- Exercise brief -
Copy out each line of the data that contains "exact".

● ● ● ●

(* For any positive integer $n$ there exists an $n$-vertex graph which is $(2^{r+8}\log n,\, r)$-locally Ramsey for all $r$.
   Context: All logarithms are base $2$. For a graph $G$ and reals $m,r>0$ (not necessarily integers), $G$ is called $(m,r)$-locally Ramsey if every set of at least $m$ vertices of $G$ contains both a clique and an independent set of size at least $r$. *)

From HB Require Import structures.
From mathcomp Require Import all_boot all_order all_algebra.
From mathcomp Require Import reals exp.
Set Implicit Arguments. Unset Strict Implicit. Unset Printing Implicit Defensive.
Import Order.TTheory GRing.Theory Num.Theory.
Local Open Scope ring_scope.

Definition simple_graph (T : finType) (e : rel T) : Prop :=
  irreflexive e /\ symmetric e.

Definition is_clique (T : finType) (e : rel T) (S : {set T}) : Prop :=
  forall x y, x \in S -> y \in S -> x != y -> e x y.

Definition is_independent (T : finType) (e : rel T) (S : {set T}) : Prop :=
  forall x y, x \in S -> y \in S -> ~~ e x y.

Definition log2 (R : realType) (x : R) : R := ln x / ln 2.

Definition locally_ramsey (R : realType) (T : finType) (e : rel T) (m r : R) : Prop :=
  forall A : {set T}, m <= (#|A|)%:R ->
    (exists2 C : {set T}, C \subset A & is_clique e C /\ r <= (#|C|)%:R) /\
    (exists2 I : {set T}, I \subset A & is_independent e I /\ r <= (#|I|)%:R).

From HB Require Import structures.
From mathcomp Require Import all_boot all_order all_algebra.
From mathcomp Require Import reals exp sequences.
From mathcomp Require Import ring lra zify.
Import Order.TTheory GRing.Theory Num.Theory.
Set Implicit Arguments. Unset Strict Implicit. Unset Printing Implicit Defensive.

(* Let s_j = floor ((256 * 2^j - 192 * (3/2)^j) * ln n), so that s_j <= 2^(j+8) log n.
   Call a graph good if for every j < n every set U of s_(j+1) vertices contains,
   both in the graph and in its complement, a vertex with at least s_j neighbours
   in U.  In a good graph, picking such a vertex and recursing into its
   neighbourhood shows that every set of s_t vertices contains a clique and an
   independent set of size t + 1 > r, for t = floor r.
   Good graphs exist by counting: if all degrees inside U are below s_j, then U
   spans at most |U| (s_j - 1) / 2 of its |U| (|U| - 1) / 2 pairs, which by a
   Chernoff bound happens for at most a fraction n^(-2|U|) of all graphs.  Summing
   over the n^|U| sets U, the two colours and the n levels leaves a fraction at most
   2 n / n^3 < 1 of bad graphs. *)

Lemma bin_leq_expn m k : 'C(m, k) <= m ^ k.
Proof.
apply: leq_trans (leq_pmulr _ (fact_gt0 k)) _.
rewrite bin_ffact ffact_prod.
apply: leq_trans (leq_prod (E2 := fun=> m) _) _; first by move=> i _; apply: leq_subr.
by rewrite prod_nat_const card_ord.
Qed.

Lemma card_bigcup_le (T : finType) (I : Type) (r : seq I) (P : pred I) (F : I -> {set T}) :
  #|\bigcup_(i <- r | P i) F i| <= \sum_(i <- r | P i) #|F i|.
Proof.
elim/big_ind2: _ => [|a A b B leA leB|//]; first by rewrite cards0.
exact: leq_trans (leq_of_leqif (leq_card_setU A B)) (leq_add leA leB).
Qed.

Lemma exists_subset_card (T : finType) (U : {set T}) k :
  k <= #|U| -> exists2 V : {set T}, V \subset U & #|V| = k.
Proof.
move=> kU; exists [set x in take k (enum U)].
  by apply/subsetP => x; rewrite inE => /mem_take; rewrite mem_enum.
by rewrite cardsE (card_uniqP _) ?take_uniq ?enum_uniq // size_takel -?cardE.
Qed.

Section Degrees.
Variable T : finType.
Implicit Types (g : rel T) (U V : {set T}) (v : T).

Definition deg g U v : nat := #|[set w in U | g v w]|.

Lemma deg_subset g U V v : U \subset V -> deg g U v <= deg g V v.
Proof.
move=> /subsetP UV; apply: subset_leq_card; apply/subsetP => w.
by rewrite !inE => /andP[/UV -> ->].
Qed.

Definition maxdeg_ge g U d := [exists v in U, d <= deg g U v].

Definition dense_levels g (s : nat -> nat) : Prop :=
  forall j U, s j.+1 <= #|U| -> maxdeg_ge g U (s j).

Lemma dense_levels_clique g s : irreflexive g -> symmetric g -> 0 < s 0 ->
  dense_levels g s -> forall k U, s k <= #|U| ->
  exists2 C : {set T}, C \subset U & is_clique g C /\ #|C| = k.+1.
Proof.
move=> girr gsym s0 gdense; elim=> [|k IHk] U sU.
  have /card_gt0P[x Ux] : 0 < #|U| by apply: leq_trans s0 sU.
  exists [set x]; first by rewrite sub1set.
  split; last by rewrite cards1.
  by move=> a b; rewrite !inE => /eqP-> /eqP->; rewrite eqxx.
have /exists_inP[v Uv sv] := gdense _ _ sU.
have [C CN [Ccl Ccard]] := IHk _ sv.
have /subsetP CU : C \subset U.
  by apply: subset_trans CN _; apply/subsetP => w; rewrite inE => /andP[].
have gvC w : w \in C -> g v w by move/(subsetP CN); rewrite inE => /andP[].
have vC : v \notin C by apply/negP => /gvC; rewrite girr.
exists (v |: C); last split.
- by rewrite subUset sub1set Uv; apply/subsetP.
- move=> a b; rewrite !inE => /predU1P[->|Ca] /predU1P[->|Cb]; rewrite ?eqxx //.
  + by move=> _; apply: gvC.
  + by move=> _; rewrite gsym; apply: gvC.
  + exact: Ccl.
- by rewrite cardsU1 vC Ccard.
Qed.

Lemma dense_levels_of_card g s : (forall j, j < s j) ->
  (forall j U, j < #|T| -> #|U| = s j.+1 -> maxdeg_ge g U (s j)) ->
  dense_levels g s.
Proof.
move=> s_gt g_dense j U sU.
have [V VU Vs] := exists_subset_card sU.
have jT : j < #|T| by have := max_card U; have := s_gt j.+1; lia.
have /exists_inP[v Vv sv] := g_dense j V jT Vs.
apply/exists_inP; exists v; first exact: (subsetP VU).
exact: leq_trans sv (deg_subset _ _ VU).
Qed.

End Degrees.

Section OrderedPairs.
Variable n : nat.
Implicit Types (g : rel 'I_n) (U : {set 'I_n}).

Definition upairs U : {set 'I_n * 'I_n} :=
  [set p | [&& p.1 \in U, p.2 \in U & p.1 < p.2]].

Lemma sum_deg g U : irreflexive g -> symmetric g ->
  \sum_(v in U) deg g U v = 2 * #|[set p in upairs U | g p.1 p.2]|.
Proof.
move=> girr gsym.
have g_split v w : g v w = (v < w) && g v w + (w < v) && g v w :> nat.
  case gvw: (g v w); rewrite ?andbF //=.
  have : v != w by apply: contraTneq gvw => ->; rewrite girr.
  by rewrite neq_ltn; case: ltngtP.
have -> : \sum_(v in U) deg g U v =
    \sum_(v in U) \sum_(w in U) ((v < w) && g v w + (w < v) && g v w).
  apply: eq_bigr => v _; rewrite /deg -sum1dep_card big_mkcond /= [RHS]big_mkcond.
  by apply: eq_bigr => w _; rewrite -g_split; case: (w \in U); case: (g v w).
rewrite (eq_bigr _ (fun v _ => big_split _ _ _ _ _)) big_split /=.
rewrite [X in _ + X]exchange_big /=.
under [X in _ + X]eq_bigr do under eq_bigr do rewrite gsym.
rewrite addnn -mul2n; congr (2 * _).
rewrite pair_big /= -sum1_card big_mkcond [RHS]big_mkcond /=.
apply: eq_bigr => -[v w] _ /=.
rewrite !inE /=.
by case: (v \in U); case: (w \in U); case: (g v w); rewrite /= ?andbT ?andbF.
Qed.

Lemma card_upairs U : 2 * #|upairs U| = #|U| * (#|U| - 1).
Proof.
have neq_irr : irreflexive (fun x y : 'I_n => x != y) by move=> x; rewrite eqxx.
have neq_sym : symmetric (fun x y : 'I_n => x != y) by move=> x y; rewrite eq_sym.
have := sum_deg U neq_irr neq_sym.
have -> : [set p in upairs U | p.1 != p.2] = upairs U.
  apply/setP => -[v w]; rewrite !inE /=.
  case: (ltnP v w) => [vw|_]; rewrite ?andbF ?andbT //.
  suff -> : v != w by rewrite andbT.
  by apply: contraTneq vw => ->; rewrite ltnn.
move=> <-; rewrite -sum_nat_const; apply: eq_bigr => v Uv.
rewrite /deg (cardsD1 v U) Uv add1n subSS subn0; apply: eq_card => w.
by rewrite !inE eq_sym andbC.
Qed.

End OrderedPairs.

Section ExpLnInequalities.
Variable R : realType.
Local Open Scope ring_scope.
Implicit Types e : R.

Lemma invf_1Bsqr_le_expR e : 0 <= e -> e <= 1/2 -> (1 - e ^+ 2)^-1 <= expR (2 * e ^+ 2).
Proof.
move=> e0 e1; rewrite -div1r ler_pdivrMr; last by nra.
have := expR_ge1Dx (2 * e ^+ 2).
have : 0 <= e ^+ 2 * (1 - 2 * e ^+ 2) by apply: mulr_ge0; nra.
nra.
Qed.

Lemma invf_1D_le_expR e : 0 <= e -> e <= 1/2 -> (1 + e)^-1 <= expR (e ^+ 2 - e).
Proof.
move=> e0 e1; rewrite -div1r ler_pdivrMr; last by lra.
have := expR_ge1Dx (e ^+ 2 - e).
have : 0 <= e ^+ 3 by apply: exprn_ge0.
nra.
Qed.

Lemma lower_tail_weight_le (m D : nat) e : 0 <= e -> e <= 1/2 ->
  let l := (1 - e) / (1 + e) in
  ((1 + l) / 2) ^+ (m + m + D) / l ^+ m <=
    expR ((m + m + D)%:R * e ^+ 2 - D%:R * e).
Proof.
move=> e0 e1 /=; set l := (1 - e) / (1 + e).
have ne1D : 1 + e != 0 by lra.
have ne1B : 1 - e != 0 by lra.
have ne1Bsqr : 1 - e ^+ 2 != 0 by nra.
have -> : ((1 + l) / 2) ^+ (m + m + D) / l ^+ m =
    ((1 - e ^+ 2)^-1) ^+ m * ((1 + e)^-1) ^+ D.
  have -> : (1 + l) / 2 = (1 + e)^-1 by rewrite /l; field.
  have -> : (1 - e ^+ 2)^-1 = (1 + e)^-1 * (1 + e)^-1 / l.
    by rewrite /l; field; rewrite ne1D ne1B ne1Bsqr.
  by rewrite -exprVn !exprD !exprMn exprVn; ring.
have -> : (m + m + D)%:R * e ^+ 2 - D%:R * e = m%:R * (2 * e ^+ 2) + D%:R * (e ^+ 2 - e).
  by rewrite !natrD; ring.
rewrite expRD (expRM_natl m) (expRM_natl D).
have ge0_inv x : 0 < x -> 0 <= x^-1 by move=> x0; rewrite invr_ge0 ltW.
apply: ler_pM; rewrite ?exprn_ge0 ?ge0_inv //; try nra.
- by apply: lerXn2r; rewrite ?nnegrE ?ge0_inv ?expR_ge0 ?invf_1Bsqr_le_expR //; nra.
- by apply: lerXn2r; rewrite ?nnegrE ?ge0_inv ?expR_ge0 ?invf_1D_le_expR //; nra.
Qed.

● ● ● ●

- Answer box -
exact: leq_trans (leq_of_leqif (leq_card_setU A B)) (leq_add leA leB).
  + exact: Ccl.
apply/exists_inP; exists v; first exact: (subsetP VU).
exact: leq_trans sv (deg_subset _ _ VU).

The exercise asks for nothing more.